EXERCISE BRIEF —
Exactly as written, transcribe each line of the listing.

■ ■ ■ ■ ■

Lemma wr_embed_hom : is_hom wr_embed.
Proof.
move=> [f g] [f' g']; rewrite /wr_embed /= /wr_mul /= psi_hom; congr pair.
apply: functional_extensionality => z.
case: (classic (exists x, psi x = z)) => [[x <-]|outside].
  by rewrite -psi_hom !extend_by_oneE.
rewrite !extend_by_one_out ?gmul1l // => -[x psi_x]; apply: outside.
by exists (gmul x (ginv g)); rewrite psi_hom (homV psi_hom) psi_x gmulK.
Qed.

Lemma wr_embed_inj : injective wr_embed.
Proof.
move=> [f g] [f' g'] [ef /psi_inj eg]; congr pair => //.
by apply: functional_extensionality => x; rewrite -(extend_by_oneE f) ef extend_by_oneE.
Qed.
End WreathEmbedding.

Lemma residually_finite_embedding (G : Grp) :
  enumerable G -> residually_finite G ->
  exists (Q : nat -> Grp) (psi : G -> prodG Q),
    [/\ forall i, Finite (Q i), is_hom psi & injective psi].
Proof.
move=> [e e_surj] rf.
have quotient g : exists Qphi : {Q : Grp & G -> Q},
    [/\ Finite (projT1 Qphi), is_hom (projT2 Qphi) & g <> gone -> projT2 Qphi g <> gone].
  case: (classic (g = gone)) => [->|g1].
    exists (existT (fun Q : Grp => G -> Q) unit_grp (fun _ => tt)).
    by split => //; exists [:: tt] => -[]; left.
  have [Q [phi [finQ [phi_hom phi_g]]]] := rf g g1.
  by exists (existT (fun Q : Grp => G -> Q) Q phi).
pose Qphi N := proj1_sig (constructive_indefinite_description _ (quotient (odflt gone (e N)))).
have Qphi_spec N : [/\ Finite (projT1 (Qphi N)), is_hom (projT2 (Qphi N))
    & odflt gone (e N) <> gone -> projT2 (Qphi N) (odflt gone (e N)) <> gone].
  exact: proj2_sig (constructive_indefinite_description _ (quotient (odflt gone (e N)))).
exists (fun N => projT1 (Qphi N)), (fun g N => projT2 (Qphi N) g); split.
- by move=> N; have [] := Qphi_spec N.
- move=> x y; apply: functional_extensionality_dep => N.
  by have [_ hom _] := Qphi_spec N; rewrite hom.
move=> g g' eq_psi; apply: gmul_eq1; apply: NNPP => ne.
have [N eN] := e_surj (gmul g (ginv g')); have [_ hom sep] := Qphi_spec N.
rewrite eN /= in sep; apply: sep => //.
by rewrite hom (homV hom) (f_equal (fun p => p N) eq_psi) gmulVr.
Qed.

■ ■ ■ ■ ■

ANSWER AREA —
Lemma wr_embed_hom : is_hom wr_embed.
Proof.
move=> [f g] [f' g']; rewrite /wr_embed /= /wr_mul /= psi_hom; congr pair.
apply: functional_extensionality => z.
case: (classic (exists x, psi x = z)) => [[x <-]|outside].
  by rewrite -psi_hom !extend_by_oneE.
rewrite !extend_by_one_out ?gmul1l // => -[x psi_x]; apply: outside.
by exists (gmul x (ginv g)); rewrite psi_hom (homV psi_hom) psi_x gmulK.
Qed.

Lemma wr_embed_inj : injective wr_embed.
Proof.
move=> [f g] [f' g'] [ef /psi_inj eg]; congr pair => //.
by apply: functional_extensionality => x; rewrite -(extend_by_oneE f) ef extend_by_oneE.
Qed.
End WreathEmbedding.

Lemma residually_finite_embedding (G : Grp) :
  enumerable G -> residually_finite G ->
  exists (Q : nat -> Grp) (psi : G -> prodG Q),
    [/\ forall i, Finite (Q i), is_hom psi & injective psi].
Proof.
move=> [e e_surj] rf.
have quotient g : exists Qphi : {Q : Grp & G -> Q},
    [/\ Finite (projT1 Qphi), is_hom (projT2 Qphi) & g <> gone -> projT2 Qphi g <> gone].
  case: (classic (g = gone)) => [->|g1].
    exists (existT (fun Q : Grp => G -> Q) unit_grp (fun _ => tt)).
    by split => //; exists [:: tt] => -[]; left.
  have [Q [phi [finQ [phi_hom phi_g]]]] := rf g g1.
  by exists (existT (fun Q : Grp => G -> Q) Q phi).
pose Qphi N := proj1_sig (constructive_indefinite_description _ (quotient (odflt gone (e N)))).
have Qphi_spec N : [/\ Finite (projT1 (Qphi N)), is_hom (projT2 (Qphi N))
    & odflt gone (e N) <> gone -> projT2 (Qphi N) (odflt gone (e N)) <> gone].
  exact: proj2_sig (constructive_indefinite_description _ (quotient (odflt gone (e N)))).
exists (fun N => projT1 (Qphi N)), (fun g N => projT2 (Qphi N) g); split.
- by move=> N; have [] := Qphi_spec N.
- move=> x y; apply: functional_extensionality_dep => N.
  by have [_ hom _] := Qphi_spec N; rewrite hom.
move=> g g' eq_psi; apply: gmul_eq1; apply: NNPP => ne.
have [N eN] := e_surj (gmul g (ginv g')); have [_ hom sep] := Qphi_spec N.
rewrite eN /= in sep; apply: sep => //.
by rewrite hom (homV hom) (f_equal (fun p => p N) eq_psi) gmulVr.
Qed.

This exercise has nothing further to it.